Study material.
Lemma orthodiag_eigenvalue (F : fieldType) n (A Q : 'M[F]_n) (d : 'rV[F]_n) j :
  Q *m Q^T = 1%:M -> Q *m A = diag_mx d *m Q -> eigenvalue A (d 0 j).
Proof.
move=> QQt QA; apply/eigenvalueP; exists (row j Q).
  by rewrite -row_mul QA row_mul row_diag_mx -scalemxAl -rowE.
apply/eqP => Qj0; have := congr1 (fun M : 'M_n => M j j) QQt.
rewrite !mxE eqxx big1 => [|k _]; first by move/eqP; rewrite eq_sym oner_eq0.
by have := congr1 (fun M : 'rV_n => M 0 k) Qj0; rewrite !mxE => ->; rewrite mul0r.
Qed.

Section EigenvalueList.
Variable R : realType.

Lemma eigenvalue_list_mem n (A : 'M[R]_n) s x :
  eigenvalue_list A s -> x \in s -> eigenvalue A x.
Proof. by move=> [_ cpA] xs; rewrite eigenvalue_root_char cpA root_prod_XsubC. Qed.

Lemma eigenvalue_list_count n (A Q : 'M[R]_n) (d : 'rV[R]_n) s (P : pred R) :
  Q^T *m Q = 1%:M -> Q *m A = diag_mx d *m Q -> eigenvalue_list A s ->
  count P s = #|[pred j | P (d 0 j)]|.
Proof.
move=> QtQ QA [_ cpA].
have /permP -> : perm_eq s [seq d 0 j | j <- index_enum 'I_n].
  by apply: prod_XsubC_eq; rewrite -cpA big_map (char_poly_orthodiag QtQ QA).
by rewrite count_map cardE /enum_mem size_filter.
Qed.
Definition two_phase (p : R -> R -> CC) (D : nat -> nat -> R -> R -> CC)
    (c0 c1 c2 : R) : Prop :=
  forall (l : CC) (x t : R),
    entries_pder pder_x (fun y s => PsiAt p D c0 c1 c2 y s l) x t
      (Mcomm (Umat (p x t) l) (PsiAt p D c0 c1 c2 x t l)) /\
    entries_pder pder_t (fun y s => PsiAt p D c0 c1 c2 y s l) x t
      (Mcomm (Vmat (p x t) (D 1%nat 0%nat x t) l) (PsiAt p D c0 c1 c2 x t l)).

Definition Rpoly (P : M2) : CC := - (m11 P ^ 2) - m12 P * m21 P.

Fixpoint esym (s : list CC) (k : nat) : CC :=
  match k with
  | O => C1
  | S k' => match s with
            | nil => C0
            | a :: s' => esym s' k + a * esym s' k'
            end
  end.

Definition prodlin (s : list CC) (z : CC) : CC :=
  fold_right (fun a acc => (z - a) * acc) C1 s.

Close Scope Cx_scope.

(** The four identities are algebraic consequences of the two factorisations at
    the point (x,t).  Since Ψ21(λ) = -conj Ψ12(conj λ), the conjugates of μ1, μ2 are the
    roots of Ψ21, so Vieta's formulas express μ1 + μ2, μ1 μ2 and their conjugates
    through the coefficients of Ψ12 and Ψ21 divided by i p and i p*.  Vieta's
    formulas for R(λ) = -Ψ11² - Ψ12 Ψ21 express Λ1, ..., Λ6 through the same
    coefficients and those of Ψ11.  Substituting both, p_xx and c0, c1, c2 cancel
    and what remains is a rational identity in p, p*, p_x, p_x*. *)

From Pilot Require Import Defs.
From Stdlib Require Import Reals List Lra Field.
Import ListNotations.
(* Re-imported so that [C1] is the complex unit rather than [Cos_rel.C1]. *)
Import Defs.
Open Scope R_scope.

Lemma CC_eq (z w : CC) : Re z = Re w -> Im z = Im w -> z = w.
Proof. destruct z, w; simpl; intros -> ->; reflexivity. Qed.

Lemma CC_eq0 (z : CC) : Re z = 0 -> Im z = 0 -> z = C0.
Proof. intros; apply CC_eq; assumption. Qed.

Lemma CC_field_theory :
  field_theory C0 C1 Cadd Cmul Csub Copp Cdiv Cinv (@eq CC).
Proof.
  constructor; [constructor | | reflexivity | ]; intros.
  all: try (apply CC_eq; unfold C0, C1, Cr; simpl; ring).
  - intro E; apply (f_equal Re) in E; unfold C0, C1, Cr in E; simpl in E; lra.
  - destruct p as [a b].
    assert (Hn : a * a + b * b <> 0).
    { intro E; apply H; assert (a = 0) by nra; assert (b = 0) by nra; subst; reflexivity. }
    apply CC_eq; unfold C1, Cr; simpl; field; exact Hn.
Qed.

Add Field CC_field : CC_field_theory.
Lemma sqrtc_Im_gt0 x : 0 < Im x -> exists2 om, om ^+ 2 = x & 0 < Im om.
Proof.
move=> Ix_gt0; have sqrt_x := sqr_sqrtc x.
case: (ltrgtP (Im (sqrtc x)) 0) => [Im_lt0 | Im_gt0 | Im_eq0].
- by exists (- sqrtc x); rewrite ?sqrrN // raddfN oppr_gt0.
- by exists (sqrtc x).
- by move: Ix_gt0; rewrite -sqrt_x Im_sqrc Im_eq0 mulr0 ltxx.
Qed.

Lemma Im_mul_resolvent_ge0 om x : 0 < Im om -> 0 <= x -> 0 <= Im (om * (x - om ^+ 2)^-1).
Proof.
move=> Im_om_gt0; rewrite lecE /= => /andP [/eqP Im_x Re_x_ge0].
rewrite Im_mulc Re_invc Im_invc Re_subc Im_subc Re_sqrc Im_sqrc Im_x.
rewrite (_ : _ + _ = Im om * (Re om ^+ 2 + Re x + Im om ^+ 2) * sqnormc (x - om ^+ 2)^-1); last by ring.
apply: mulr_ge0 (sqnormc_ge0 _); apply: mulr_ge0 (ltW Im_om_gt0) _; nra.
Qed.

End UpperHalfPlane.

Lemma Im_mul_emp_stieltjes_ge0 (R : realType) n (s : seq R[i]) (om : R[i]) :
  0 < Im om -> {in s, forall x, 0 <= x} -> 0 <= Im (om * emp_stieltjes n s (om ^+ 2)).
Proof.
move=> Im_om_gt0 s_ge0; rewrite /emp_stieltjes mulrCA.
have -> : (n%:R : R[i])^-1 = ((n%:R : R)^-1)%:C%C by rewrite fmorphV /= rmorph_nat.
rewrite Im_realM mulr_ge0 ?invr_ge0 // mulr_sumr raddf_sum big_seq sumr_ge0 // => x x_s.
exact: Im_mul_resolvent_ge0 (s_ge0 x x_s).
Qed.

Lemma le_band_ratio (R : rcfType) (A p w : R) :
  1 < A -> p ^+ 2 - w ^+ 2 < A -> 0 < w -> 0 < 2 * p * w < 1 ->
  2 * p * w / (4 * Num.sqrt A) <= 2 * w * (1 - 2 * p * w / (4 * Num.sqrt A)).
Proof.
move=> A_gt1 Re_lt w_gt0 /andP [Im_gt0 Im_lt1]; set c := _ / _.
have sqrtA_ge1 : 1 <= Num.sqrt A by rewrite -sqrtr1 ler_wsqrtr ?ltW.
have sqrtA_sqr : Num.sqrt A ^+ 2 = A by rewrite sqr_sqrtr // ltW // (lt_trans ltr01).
have cE : c * (4 * Num.sqrt A) = 2 * p * w.
  by rewrite /c mulfVK // mulf_neq0 // gt_eqF // (lt_le_trans ltr01).
have p_le : p <= 3 * Num.sqrt A.
  have [p_le1 | p_gt1] := lerP p 1; first by nra.
  have w_lt : w < 1 / 2 by nra.
  rewrite leNgt; apply/negP => p_gt; nra.
nra.
Qed.

Section SquareRootParametrization.
Variables (R : realType) (z om : R[i]).

Lemma fz_sqr a : 1 + a != 0 -> fz z (om ^+ 2) a = (1 + a) / (`|z| ^+ 2 - (om * (1 + a)) ^+ 2).
Proof.
move=> a1_neq0; rewrite /fz -[in RHS]invf_div; congr (_^-1).
by field.
Qed.

Lemma rnz_sqr a b : 1 + a != 0 -> 1 + b != 0 ->
  rnz z (om ^+ 2) a b = (`|z| ^+ 2 + om * (1 + a) * (om * (1 + b)))
    / ((`|z| ^+ 2 - (om * (1 + a)) ^+ 2) * (`|z| ^+ 2 - (om * (1 + b)) ^+ 2)).
Proof.
move=> a1_neq0 b1_neq0; rewrite /rnz !fz_sqr // [in RHS]invfM.
move: (_ - (om * (1 + a)) ^+ 2)^-1 (_ - (om * (1 + b)) ^+ 2)^-1 => i1 i2; field.
by rewrite a1_neq0 b1_neq0.
Qed.
(* For each $k\le n$, the optimal value of $$\mathcal U^\star_k=\min_{x\in\mathbb R^n,\,y\in\mathbb R^k}\ \langle c,x\rangle+\sum_{i=1}^k\lambda_iy_i^2+\eta^{-1}\|x\|_2^2+\theta\|x\|_0\ \text{ s.t. } Ax\le b,\ \sqrt{\lambda_i}y_i=\sqrt{\lambda_i}\langle v_i,x\rangle,\ i=1,\dots,k$$ satisfies $\mathcal U^\star_k=\min_{z\in\{0,1\}^n}\max_{\alpha\in\mathbb R^k,\beta\in\mathbb R^m_+}H(z,\alpha,\beta)$, where $$H(z,\alpha,\beta)=\theta\sum_{j=1}^nz_j-\beta^\top b-\tfrac14\|\alpha\|_2^2-\tfrac{\eta}{4}(c+V\sqrt\Lambda\alpha+A^\top\beta)^\top\mathrm{diag}(z)(c+V\sqrt\Lambda\alpha+A^\top\beta).$$
   Context: Let $Q\in\mathbb R^{n\times n}$ be symmetric positive semidefinite with eigendecomposition $Q=\sum_{i=1}^n\lambda_i v_iv_i^\top$, $\lambda_1\ge\cdots\ge\lambda_n\ge0$, $\{v_i\}$ orthonormal. Let $c\in\mathbb R^n$, $A\in\mathbb R^{m\times n}$, $b\in\mathbb R^m$, $\eta>0$, $\theta>0$, $k\le n$, $V=[v_1,\dots,v_k]$, $\Lambda=\mathrm{diag}(\lambda_1,\dots,\lambda_k)$. $\|x\|_0$ is the number of nonzero entries of $x$; infeasible problems have value $+\infty$. *)

From HB Require Import structures.
From mathcomp Require Import all_boot all_order all_algebra.
From mathcomp Require Import classical_sets boolp reals ereal.
Set Implicit Arguments. Unset Strict Implicit. Unset Printing Implicit Defensive.
Import Order.TTheory GRing.Theory Num.Theory.
Local Open Scope ring_scope.
Local Open Scope classical_set_scope.

Section Defs.
Variable R : realType.

Definition dotv (p : nat) (u w : 'cV[R]_p) : R := \sum_(j < p) u j 0 * w j 0.

Definition sqnorm (p : nat) (u : 'cV[R]_p) : R := \sum_(j < p) u j 0 ^+ 2.

Definition l0norm (p : nat) (x : 'cV[R]_p) : nat := #|[set j : 'I_p | x j 0 != 0]|.

Definition Vmat (n k : nat) (hk : (k <= n)%N) (v : 'I_n -> 'cV[R]_n) : 'M[R]_(n, k) :=
  \matrix_(i < n, j < k) v (widen_ord hk j) i 0.

Definition sqrtLam (n k : nat) (hk : (k <= n)%N) (lam : 'I_n -> R) : 'M[R]_k :=
  \matrix_(i < k, j < k) (if i == j then Num.sqrt (lam (widen_ord hk i)) else 0).

Definition Uobj (n m k : nat) (hk : (k <= n)%N) (lam : 'I_n -> R)
  (c : 'cV[R]_n) (eta theta : R) (x : 'cV[R]_n) (y : 'cV[R]_k) : R :=
  dotv c x + \sum_(i < k) lam (widen_ord hk i) * y i 0 ^+ 2
  + eta^-1 * sqnorm x + theta * (l0norm x)%:R.

Definition Ufeas (n m k : nat) (hk : (k <= n)%N) (lam : 'I_n -> R)
  (v : 'I_n -> 'cV[R]_n) (A : 'M[R]_(m, n)) (b : 'cV[R]_m)
  (x : 'cV[R]_n) (y : 'cV[R]_k) : Prop :=
  (forall i : 'I_m, (A *m x) i 0 <= b i 0) /\
  (forall i : 'I_k, Num.sqrt (lam (widen_ord hk i)) * y i 0
                    = Num.sqrt (lam (widen_ord hk i)) * dotv (v (widen_ord hk i)) x).

(* Optimal value U*_k (infimum in extended reals; +oo if infeasible) *)
Definition Ustar (n m k : nat) (hk : (k <= n)%N) (lam : 'I_n -> R)
  (v : 'I_n -> 'cV[R]_n) (c : 'cV[R]_n) (A : 'M[R]_(m, n)) (b : 'cV[R]_m)
  (eta theta : R) : \bar R :=
  ereal_inf [set r : \bar R | exists (x : 'cV[R]_n) (y : 'cV[R]_k),
              Ufeas hk lam v A b x y /\ r = (Uobj m hk lam c eta theta x y)%:E].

Prompt. Retype the entries exactly from the first line, stopping after the line with "eigenvalue_list A s -> x".

Answer to this task.
Lemma orthodiag_eigenvalue (F : fieldType) n (A Q : 'M[F]_n) (d : 'rV[F]_n) j :
  Q *m Q^T = 1%:M -> Q *m A = diag_mx d *m Q -> eigenvalue A (d 0 j).
Proof.
move=> QQt QA; apply/eigenvalueP; exists (row j Q).
  by rewrite -row_mul QA row_mul row_diag_mx -scalemxAl -rowE.
apply/eqP => Qj0; have := congr1 (fun M : 'M_n => M j j) QQt.
rewrite !mxE eqxx big1 => [|k _]; first by move/eqP; rewrite eq_sym oner_eq0.
by have := congr1 (fun M : 'rV_n => M 0 k) Qj0; rewrite !mxE => ->; rewrite mul0r.
Qed.

Section EigenvalueList.
Variable R : realType.

Lemma eigenvalue_list_mem n (A : 'M[R]_n) s x :
  eigenvalue_list A s -> x \in s -> eigenvalue A x.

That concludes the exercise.